To view the entire dataset, you can use the View()
function, which will open the dataset in the new file window.
To get the first 6 rows of gm
, you can use the head()
function, which also has an optional argument if you want a different number of top rows.
head(gm)
#> # A tibble: 6 × 33
#> country year smokin…¹ smoki…² lungc…³ lungc…⁴ owid_…⁵ food_…⁶ avera…⁷ sanit…⁸
#> <chr> <dbl> <dbl> <dbl> <dbl> <dbl> <dbl> <dbl> <dbl> <dbl>
#> 1 Albania 1999 4 NA 11.1 46.1 58.7 2730 5.96 89.5
#> 2 Albania 2000 NA NA 10.8 43.8 58 2800 6.3 90
#> 3 Albania 2001 4 40.5 11.2 44.1 60 2860 6.81 90.6
#> 4 Albania 2002 NA NA 11.5 45.2 60 2770 7.22 91.2
#> 5 Albania 2003 NA NA 11.2 44.8 60.7 2790 7.39 91.7
#> 6 Albania 2004 4 40.5 11 42.8 60.7 2870 7.7 92.3
#> # … with 23 more variables: child_mortality <dbl>, income_per_person <dbl>,
#> # HDI <dbl>, alcohol_male <dbl>, alcohol_female <dbl>,
#> # livercancer_newcases_male <dbl>, livercancer_newcases_female <dbl>,
#> # mortality_male <dbl>, mortality_female <dbl>,
#> # cholesterol_fat_in_blood_male <dbl>, cholesterol_fat_in_blood_female <dbl>,
#> # continent <chr>, region <chr>, population <dbl>, life_expectancy <dbl>,
#> # sugar <dbl>, BMI_female <dbl>, BMI_female_group <chr>, BMI_male <dbl>, …

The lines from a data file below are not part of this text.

(* Let $\Lambda\subset\mathbb{R}^d$ be a full-rank lattice and $P=\Lambda\cap[0,1)^d$, and assume $|P|\ge 2$. Then $q(P)\ge q(\Lambda)$ and \[ h(P)\le \begin{cases} 2\sqrt{d}\, h(\Lambda) & \text{if } h(\Lambda)\ge 1/2,\\ (1+\sqrt{d})\,h(\Lambda) & \text{otherwise.}\end{cases} \] Consequently, \[ \rho(P)\le \begin{cases} 2\sqrt{d}\, \rho(\Lambda) & \text{if } h(\Lambda)\ge 1/2,\\ (1+\sqrt{d})\,\rho(\Lambda) & \text{otherwise.}\end{cases} \]
   Context: For a finite point set $P\subset[0,1]^d$ with at least two points: covering radius $h(P)=\sup_{x\in[0,1]^d}\min_{y\in P}\|x-y\|_2$, separation radius $q(P)=\frac12\min_{x,y\in P,\,x\ne y}\|x-y\|_2$, mesh ratio $\rho(P)=h(P)/q(P)$. For a full-rank lattice $\Lambda\subset\mathbb{R}^d$: $h(\Lambda)=\sup_{x\in\mathbb{R}^d}\min_{y\in\Lambda}\|x-y\|_2$, $q(\Lambda)=\frac12\min_{x\in\Lambda\setminus\{0\}}\|x\|_2$, $\rho(\Lambda)=h(\Lambda)/q(\Lambda)$. *)

From HB Require Import structures.
From mathcomp Require Import all_boot all_order all_algebra.
From mathcomp Require Import all_classical all_reals.
Set Implicit Arguments. Unset Strict Implicit. Unset Printing Implicit Defensive.
Import Order.TTheory GRing.Theory Num.Theory.
Local Open Scope ring_scope.
Local Open Scope classical_set_scope.

Section Defs.
Variables (R : realType) (d : nat).
Notation V := 'rV[R]_d.

Definition enorm (x : V) : R := Num.sqrt (\sum_(i < d) x ord0 i ^+ 2).

Definition lattice (B : 'M[R]_d) : set V :=
  [set x | exists z : 'rV[int]_d, x = map_mx (fun k : int => k%:~R) z *m B].

Definition full_rank (B : 'M[R]_d) : Prop := B \in unitmx.

Definition cube_co : set V := [set x | forall i, 0 <= x ord0 i /\ x ord0 i < 1].
Definition cube_cc : set V := [set x | forall i, 0 <= x ord0 i /\ x ord0 i <= 1].

Definition dist_to (S : set V) (x : V) : R := inf [set enorm (x - y) | y in S].

Definition cov_radius (Om S : set V) : R := sup [set dist_to S x | x in Om].

Definition hP (P : set V) : R := cov_radius cube_cc P.
Definition qP (P : set V) : R :=
  inf [set r | exists x y, P x /\ P y /\ x != y /\ r = enorm (x - y)] / 2.
Definition rhoP (P : set V) : R := hP P / qP P.

Definition hL (B : 'M[R]_d) : R := cov_radius setT (lattice B).
Definition qL (B : 'M[R]_d) : R :=
  inf [set enorm x | x in lattice B `&` [set x | x != 0]] / 2.
Definition rhoL (B : 'M[R]_d) : R := hL B / qL B.

End Defs.
Arguments cube_co {R d}.
Arguments cube_cc {R d}.

From HB Require Import structures.
From mathcomp Require Import all_boot all_order all_algebra.
From mathcomp Require Import all_classical all_reals.
From mathcomp Require Import ring lra.
Set Implicit Arguments. Unset Strict Implicit. Unset Printing Implicit Defensive.
Import Order.TTheory GRing.Theory Num.Theory.
Local Open Scope ring_scope.
Local Open Scope classical_set_scope.

(* Differences of distinct points of P are nonzero lattice vectors, whence
   q(P) >= q(L).  If h(L) >= 1/2, any point of P is within sqrt d <= 2 sqrt d h(L)
   of every point of the cube.  Otherwise take h(L) < l <= 1/2 and move x into
   the inner cube [l, 1 - l]^d, which costs at most sqrt d l; the moved point has
   a lattice point within distance l, and that point lies in [0,1)^d, so
   dist(x, P) <= (1 + sqrt d) l.  Since h, q and rho are defined through sup and
   inf, one also needs h(L) finite (round coordinates in the basis B) and
   q(L) > 0 (coordinates of a lattice vector, computed with B^-1, are integers). *)

Section EuclideanNorm.
Variables (R : realType) (d : nat).
Implicit Types (f g : 'I_d -> R) (u v : 'rV[R]_d).

Lemma sum_sqr_ge0 f : 0 <= \sum_i f i ^+ 2.
Proof. by apply: sumr_ge0 => i _; exact: sqr_ge0. Qed.

Lemma sum_mul_sqr_le f g :
  (\sum_i f i * g i) ^+ 2 <= (\sum_i f i ^+ 2) * (\sum_i g i ^+ 2).
Proof.
set A := \sum_i f i ^+ 2; set C := \sum_i f i * g i; set D := \sum_i g i ^+ 2.
have quad_ge0 t : 0 <= t ^+ 2 * A + 2 * t * C + D.
  have -> : t ^+ 2 * A + 2 * t * C + D = \sum_i (t * f i + g i) ^+ 2.
    rewrite /A /C /D !mulr_sumr -!big_split /=.
    by apply: eq_bigr => i _; ring.
  exact: sum_sqr_ge0.
have [A0|A_neq0] := eqVneq A 0.
  have f0 i : f i = 0.
    move/eqP: A0; rewrite psumr_eq0; last by move=> j _; exact: sqr_ge0.
    by move/allP/(_ i (mem_index_enum i)) => /=; rewrite sqrf_eq0 => /eqP.
  have -> : C = 0 by rewrite /C big1 // => i _; rewrite f0 mul0r.
  by rewrite expr2 mul0r A0 mul0r.
have A_gt0 : 0 < A by rewrite lt_def A_neq0 sum_sqr_ge0.
(* the discriminant argument: evaluate the quadratic at its minimiser *)
have := quad_ge0 (- C / A).
have -> : (- C / A) ^+ 2 * A + 2 * (- C / A) * C + D = D - C ^+ 2 / A by field.
by rewrite subr_ge0 ler_pdivrMr // mulrC.
Qed.

Lemma enorm_ge0 u : 0 <= enorm u.
Proof. exact: sqrtr_ge0. Qed.

Lemma enormD u v : enorm (u + v) <= enorm u + enorm v.
Proof.
rewrite /enorm.
set A := \sum_i u ord0 i ^+ 2; set D := \sum_i v ord0 i ^+ 2.
set C := \sum_i u ord0 i * v ord0 i.
have A0 : 0 <= A := sum_sqr_ge0 _.
have D0 : 0 <= D := sum_sqr_ge0 _.
have C_le : C <= Num.sqrt A * Num.sqrt D.
  rewrite -sqrtrM //; apply: le_trans (ler_norm C) _.
  by rewrite -sqrtr_sqr ler_sqrt ?mulr_ge0 //; exact: sum_mul_sqr_le.
have -> : \sum_i (u + v) ord0 i ^+ 2 = A + 2 * C + D.
  rewrite /A /C /D mulr_sumr -!big_split /=.
  by apply: eq_bigr => i _; rewrite mxE; ring.
have S0 : 0 <= Num.sqrt A + Num.sqrt D by rewrite addr_ge0 // sqrtr_ge0.
rewrite -(ger0_norm S0) -sqrtr_sqr ler_sqrt ?sqr_ge0 // sqrrD !sqr_sqrtr //.
lra.
Qed.

Lemma norm_coord_le_enorm u i : `|u ord0 i| <= enorm u.
Proof.
rewrite /enorm -sqrtr_sqr ler_sqrt; last exact: sum_sqr_ge0.
by rewrite (bigD1 i) //= lerDl; apply: sumr_ge0 => j _; exact: sqr_ge0.
Qed.

Lemma enorm_le_sqrt_dim u k : 0 <= k -> (forall i, `|u ord0 i| <= k) ->
  enorm u <= Num.sqrt d%:R * k.
Proof.
move=> k0 u_le; rewrite /enorm -(ger0_norm k0) -sqrtr_sqr -sqrtrM ?ler0n //.
rewrite ler_sqrt; last by rewrite mulr_ge0 ?ler0n ?sqr_ge0.
have -> : d%:R * k ^+ 2 = \sum_(i < d) k ^+ 2 :> R.
  by rewrite sumr_const card_ord mulr_natl.
apply: ler_sum => i _.
by rewrite -real_normK ?num_real // lerXn2r ?nnegrE ?normr_ge0.
Qed.

Lemma enorm_le_sum_norm u : enorm u <= \sum_i `|u ord0 i|.
Proof.
have S0 : 0 <= \sum_i `|u ord0 i| by apply: sumr_ge0.
rewrite /enorm -(ger0_norm S0) -sqrtr_sqr ler_sqrt ?sqr_ge0 //.
suff [] : \sum_i u ord0 i ^+ 2 <= (\sum_i `|u ord0 i|) ^+ 2 /\
          0 <= \sum_i `|u ord0 i| by [].
elim/big_rec2: _ => [|i a b _ [le_ab b0]]; first by rewrite expr0n lexx.
split; last by rewrite addr_ge0.
rewrite sqrrD -real_normK ?num_real //.
have : 0 <= `|u ord0 i| * a by rewrite mulr_ge0 ?normr_ge0.
lra.
Qed.

End EuclideanNorm.

Section Distance.
Variables (R : realType) (d : nat).
Implicit Types (S : set 'rV[R]_d) (x y : 'rV[R]_d).

Lemma inf_ge0 (E : set R) : (forall r, E r -> 0 <= r) -> 0 <= inf E.
Proof.
move=> E_ge0; have [[r Er]|E0] := pselect (E !=set0).
  by apply: lb_le_inf; [exists r | move=> s /E_ge0].
by rewrite (_ : E = set0) ?inf0 // -subset0 => r Er; apply: E0; exists r.
Qed.

Lemma dist_to_ge0 S x : 0 <= dist_to S x.
Proof. by apply: inf_ge0 => _ [y _ <-]; exact: enorm_ge0. Qed.

Lemma dist_to_le S x y : S y -> dist_to S x <= enorm (x - y).
Proof.
move=> Sy; apply: ge_inf; last by exists y.
by exists 0 => _ [z _ <-]; exact: enorm_ge0.
Qed.

Lemma dist_to_approx S x e : S !=set0 -> 0 < e ->
  exists2 y, S y & enorm (x - y) < dist_to S x + e.
Proof.
move=> [y0 Sy0] e_gt0.
have inf_dist : has_inf [set enorm (x - y) | y in S].
  split; first by exists (enorm (x - y0)), y0.
  by exists 0 => _ [z _ <-]; exact: enorm_ge0.
by have [_ [y Sy <-]] := inf_adherent e_gt0 inf_dist; exists y.
Qed.

End Distance.

Section Lattice.
Variables (R : realType) (d : nat) (B : 'M[R]_d).
Hypothesis B_unit : B \in unitmx.

Local Notation intr_row z := (map_mx (fun k : int => (k%:~R : R)) (z : 'rV[int]_d)).

Lemma lattice0 : lattice B 0.
Proof. by exists 0; rewrite map_mx0 mul0mx. Qed.

Lemma latticeB x y : lattice B x -> lattice B y -> lattice B (x - y).
Proof.
move=> [z1 ->] [z2 ->]; exists (z1 - z2); rewrite -mulmxBl; congr (_ *m _).
by apply/matrixP => i j; rewrite !mxE intrB.
Qed.

(* Rounding down the coordinates of y in the basis B gives a lattice point
   whose difference with y has coordinates in [0, 1). *)
Lemma dist_to_lattice_bounded y :
  dist_to (lattice B) y <= \sum_j \sum_i `|B i j|.
Proof.
set w := y *m invmx B; set z : 'rV[int]_d := \row_i Num.floor (w ord0 i).
have Lz : lattice B (intr_row z *m B) by exists z.
apply: le_trans (dist_to_le y Lz) _.
have -> : y - intr_row z *m B = (w - intr_row z) *m B by rewrite mulmxBl mulmxKV.
apply: le_trans (enorm_le_sum_norm _) _; apply: ler_sum => j _.
rewrite mxE; apply: le_trans (ler_norm_sum _ _ _) _; apply: ler_sum => i _.
rewrite normrM ler_piMl ?normr_ge0 //.
have -> : (w - intr_row z) ord0 i = w ord0 i - (Num.floor (w ord0 i))%:~R.
  by rewrite !mxE.
have := floor_le (w ord0 i); have := floorD1_gt (w ord0 i).
by rewrite intrD => ? ?; rewrite ger0_norm; lra.
Qed.

(* A nonzero lattice vector has a nonzero, hence >= 1 in absolute value,
   integer coordinate, and that coordinate is a linear form of v via B^-1. *)
Lemma lattice_enorm_lower_bound v : lattice B v -> v != 0 ->
  1 <= enorm v * (\sum_i \sum_j `|invmx B j i| + 1).
Proof.
move=> [z vE] v_neq0.
have zE : intr_row z = v *m invmx B by rewrite vE mulmxK.
have [i zi_neq0] : exists i, z ord0 i != 0.
  apply/existsP; apply: contraR v_neq0; rewrite negb_exists => /forallP z0.
  rewrite vE (_ : z = 0) ?map_mx0 ?mul0mx //.
  by apply/matrixP => a b; rewrite (ord1 a) mxE; apply/eqP/negPn/z0.
have one_le : 1 <= `|(z ord0 i)%:~R : R|.
  by rewrite -intr_norm (ler_int _ 1) -gtz0_ge1 normr_gt0.
have zi : (z ord0 i)%:~R = (v *m invmx B) ord0 i by rewrite -zE mxE.
rewrite zi mxE in one_le.
apply: le_trans one_le _; apply: le_trans (ler_norm_sum _ _ _) _.
apply: (@le_trans _ _ (enorm v * \sum_j `|invmx B j i|)).
  rewrite mulr_sumr; apply: ler_sum => j _; rewrite normrM.
  by apply: ler_wpM2r; [exact: normr_ge0 | exact: norm_coord_le_enorm].
apply: ler_wpM2l; first exact: enorm_ge0.
rewrite [X in _ <= X + 1](bigD1 i) //= -addrA lerDl addr_ge0 //.
by apply: sumr_ge0 => k _; apply: sumr_ge0.
Qed.

End Lattice.

Section Radii.
Variables (R : realType) (d : nat) (B : 'M[R]_d).

Lemma qL_le_qP (S : set 'rV[R]_d) : S `<=` lattice B ->
  (exists x y, S x /\ S y /\ x != y) -> qL B <= qP S.
Proof.
move=> S_sub [x [y [Sx [Sy xy]]]]; rewrite /qL /qP ler_pM2r ?invr_gt0 ?ltr0n //.
apply: lb_le_inf; first by exists (enorm (x - y)), x, y.
move=> _ [a [b [Sa [Sb [ab ->]]]]]; apply: ge_inf.
  by exists 0 => _ [u _ <-]; exact: enorm_ge0.
by exists (a - b) => //; split; [apply: latticeB; apply: S_sub | rewrite /= subr_eq0].
Qed.

Hypothesis B_unit : full_rank B.

Lemma dist_to_lattice_le_hL y : dist_to (lattice B) y <= hL B.
Proof.
apply: sup_upper_bound; last by exists y.
split; first by exists (dist_to (lattice B) 0), 0.
by exists (\sum_j \sum_i `|B i j|) => _ [x _ <-]; exact: dist_to_lattice_bounded.
Qed.

Lemma hL_ge0 : 0 <= hL B.
Proof. exact: le_trans (dist_to_ge0 _ 0) (dist_to_lattice_le_hL 0). Qed.

Lemma qL_gt0 v : lattice B v -> v != 0 -> 0 < qL B.
Proof.
move=> Lv v_neq0; rewrite /qL divr_gt0 //.
set K := \sum_i \sum_j `|invmx B j i| + 1.
have K_gt0 : 0 < K by rewrite ltr_pwDr // sumr_ge0 // => i _; apply: sumr_ge0.
apply: lt_le_trans (_ : 0 < 1 / K) _; first by rewrite divr_gt0.
apply: lb_le_inf; first by exists (enorm v), v.
move=> _ [u [Lu u_neq0] <-]; rewrite ler_pdivrMr //.
exact: lattice_enorm_lower_bound.
Qed.

End Radii.

Section CubeCovering.
Variables (R : realType) (d : nat).
Implicit Types (P : set 'rV[R]_d) (x y p : 'rV[R]_d) (B : 'M[R]_d).

Lemma hP_le P c : (forall x, cube_cc x -> dist_to P x <= c) -> hP P <= c.
Proof.
move=> dist_le; apply: ge_sup; last by move=> _ [x Cx <-]; exact: dist_le.
by exists (dist_to P 0), 0 => // i; rewrite mxE; lra.
Qed.

Lemma hP_le_sqrt_dim P p : P p -> cube_cc p -> hP P <= Num.sqrt d%:R.
Proof.
move=> Pp Cp; apply: hP_le => x Cx; apply: le_trans (dist_to_le x Pp) _.
rewrite -[X in _ <= X]mulr1; apply: enorm_le_sqrt_dim => // i.
rewrite !mxE; have [? ?] := Cx i; have [? ?] := Cp i.
by rewrite ler_norml; apply/andP; split; lra.
Qed.

Lemma cube_clip x l : cube_cc x -> 0 <= l -> 2 * l <= 1 -> exists y,
  (forall i, l <= y ord0 i <= 1 - l) /\ (forall i, `|(x - y) ord0 i| <= l).
Proof.
move=> Cx l_ge0 l_le.
exists (\row_i (if x ord0 i < l then l
                else if 1 - l < x ord0 i then 1 - l else x ord0 i)).
split=> i; rewrite !mxE; have [? ?] := Cx i;
  case: (ltP (x ord0 i) l) => ?; case: (ltP (1 - l) (x ord0 i)) => ?;
  rewrite ?ler_norml; apply/andP; split; lra.
Qed.

Lemma inner_cube_ball_sub_cube_co y p l :
  (forall i, l <= y ord0 i <= 1 - l) -> enorm (y - p) < l -> cube_co p.
Proof.
move=> Cy yp i; have := le_lt_trans (norm_coord_le_enorm (y - p) i) yp.
by rewrite !mxE ltr_norml => /andP [? ?]; have /andP [? ?] := Cy i; split; lra.
Qed.

Lemma dist_to_lattice_cube_le B x l : full_rank B -> hL B < l -> 2 * l <= 1 ->
  cube_cc x -> dist_to (lattice B `&` cube_co) x <= (1 + Num.sqrt d%:R) * l.
Proof.
move=> B_unit hL_lt l_le Cx.
have l_ge0 : 0 <= l := le_trans (hL_ge0 B_unit) (ltW hL_lt).
have [y [Cy xy]] := cube_clip Cx l_ge0 l_le.
have dist_lt : dist_to (lattice B) y < l.
  exact: le_lt_trans (dist_to_lattice_le_hL B_unit y) hL_lt.
have gap_gt0 : 0 < l - dist_to (lattice B) y by rewrite subr_gt0.
have [p Lp] := dist_to_approx y (ex_intro _ 0 (lattice0 B)) gap_gt0.
rewrite subrKC => yp.
have Pp : (lattice B `&` cube_co) p.
  by split=> //; exact: inner_cube_ball_sub_cube_co Cy yp.
apply: le_trans (dist_to_le x Pp) _.
have -> : x - p = (x - y) + (y - p) by rewrite addrA subrK.
apply: le_trans (enormD _ _) _.
have := enorm_le_sqrt_dim l_ge0 xy; rewrite mulrDl mul1r; lra.
Qed.

Lemma hP_lattice_cube_le B : full_rank B -> hL B < 1 / 2 ->
  hP (lattice B `&` cube_co) <= (1 + Num.sqrt d%:R) * hL B.
Proof.
move=> B_unit hL_lt; apply: hP_le => x Cx.
have s_gt0 : 0 < 1 + Num.sqrt (d%:R : R) by rewrite ltr_pwDl ?sqrtr_ge0.
rewrite -ler_pdivrMl //; apply/ler_addgt0Pr => e e_gt0.
have [le_half|lt_half] := lerP (hL B + e) (1 / 2).
  by rewrite ler_pdivrMl //; apply: dist_to_lattice_cube_le => //; lra.
apply: le_trans (ltW lt_half); rewrite ler_pdivrMl //.
by apply: dist_to_lattice_cube_le => //; lra.
Qed.

End CubeCovering.

Theorem mainTheorem3 (R : realType) (d : nat) (B : 'M[R]_d) :
  full_rank B ->
  (exists x y : 'rV[R]_d,
      (lattice B `&` cube_co) x /\ (lattice B `&` cube_co) y /\ x != y) ->
  let P := lattice B `&` cube_co in
  let c := if 1 / 2 <= hL B then 2 * Num.sqrt (d%:R) else 1 + Num.sqrt (d%:R) in
  qL B <= qP P /\ hP P <= c * hL B /\ rhoP P <= c * rhoL B.
Proof.
move=> B_unit two_points P c; have [x [y [Px [Py x_neq_y]]]] := two_points.
have qL_le : qL B <= qP P by apply: qL_le_qP => // u [].
have qL_pos : 0 < qL B.
  apply: (@qL_gt0 _ _ _ B_unit (x - y)); last by rewrite subr_eq0.
  by apply: latticeB; [case: Px | case: Py].
have sqrt_ge0 : 0 <= Num.sqrt (d%:R : R) := sqrtr_ge0 _.
have hP_le_c : hP P <= c * hL B.
  rewrite /c; case: ifP => [half_le|/negbT]; last first.
    by rewrite -ltNge; exact: hP_lattice_cube_le.
  apply: le_trans (@hP_le_sqrt_dim _ _ _ x Px _) _.
    by move=> i; have [? ?] := Px.2 i; split; lra.
  nra.
have c_ge0 : 0 <= c by rewrite /c; case: ifP => _; [rewrite mulr_ge0 | rewrite addr_ge0].
split=> //; split=> //; rewrite /rhoP /rhoL mulrA.
apply: (@le_trans _ _ (c * hL B / qP P)).
  by rewrite ler_pM2r // invr_gt0 (lt_le_trans qL_pos).
by rewrite ler_wpM2l ?mulr_ge0 ?hL_ge0 // lef_pV2 ?posrE // (lt_le_trans qL_pos).
Qed.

head(gm, n = 10) #the first 10 rows of gm
#> # A tibble: 10 × 33
#> country year smoki…¹ smoki…² lungc…³ lungc…⁴ owid_…⁵ food_…⁶ avera…⁷ sanit…⁸
#> <chr> <dbl> <dbl> <dbl> <dbl> <dbl> <dbl> <dbl> <dbl> <dbl>
#> 1 Albania 1999 4 NA 11.1 46.1 58.7 2730 5.96 89.5
#> 2 Albania 2000 NA NA 10.8 43.8 58 2800 6.3 90
#> 3 Albania 2001 4 40.5 11.2 44.1 60 2860 6.81 90.6
#> 4 Albania 2002 NA NA 11.5 45.2 60 2770 7.22 91.2
#> 5 Albania 2003 NA NA 11.2 44.8 60.7 2790 7.39 91.7
#> 6 Albania 2004 4 40.5 11 42.8 60.7 2870 7.7 92.3
#> 7 Andorra 1999 29.2 NA 14.3 70.4 44.7 NA 39.2 100
#> 8 Andorra 2000 NA NA 14.3 70 47.3 NA 39.4 100
#> 9 Andorra 2001 29.2 36.5 14.4 69.7 50.7 NA 39.5 100
#> 10 Andorra 2002 NA NA 14.4 69.6 67.3 NA 42.7 100
#> # … with 23 more variables: child_mortality <dbl>, income_per_person <dbl>,
#> # HDI <dbl>, alcohol_male <dbl>, alcohol_female <dbl>,
#> # livercancer_newcases_male <dbl>, livercancer_newcases_female <dbl>,
#> # mortality_male <dbl>, mortality_female <dbl>,
#> # cholesterol_fat_in_blood_male <dbl>, cholesterol_fat_in_blood_female <dbl>,
#> # continent <chr>, region <chr>, population <dbl>, life_expectancy <dbl>,
#> # sugar <dbl>, BMI_female <dbl>, BMI_female_group <chr>, BMI_male <dbl>, …
The following are some possible questions we may want to explore.
- (Filter observations by their values) Find the observations that represent countries in Europe (
continent
), years between 2006 and 2010 (year
), and Low Human Development Index (HDI_category
).
You will learn how to filter observations in Section 7.1.
- (Select variable by their names) We see there are 33 columns. For a particular data analysis question, perhaps we want to focus on a subset of the columns.
You will learn how to select variables in Section 7.2.
- (Reorder the observations) In year 2008, find the 10 countries with the highest life expectancy.
You will learn how to reorder observations in Section 7.3.
- (Create new variables as functions of existing ones) From the existing variables, perhaps we want to create new ones, for instance, the total number of new liver cancer cases for each country in the year 2008.
You will learn how to create new variables in Section 7.4.
- (Create various summary statistics) We may want to create certain summary statistics. For example, what is the top 5 countries with the highest average life expectancy in each continent for the year 2006?
You will learn how to group observations and create summary statistics for each group in Section 7.5.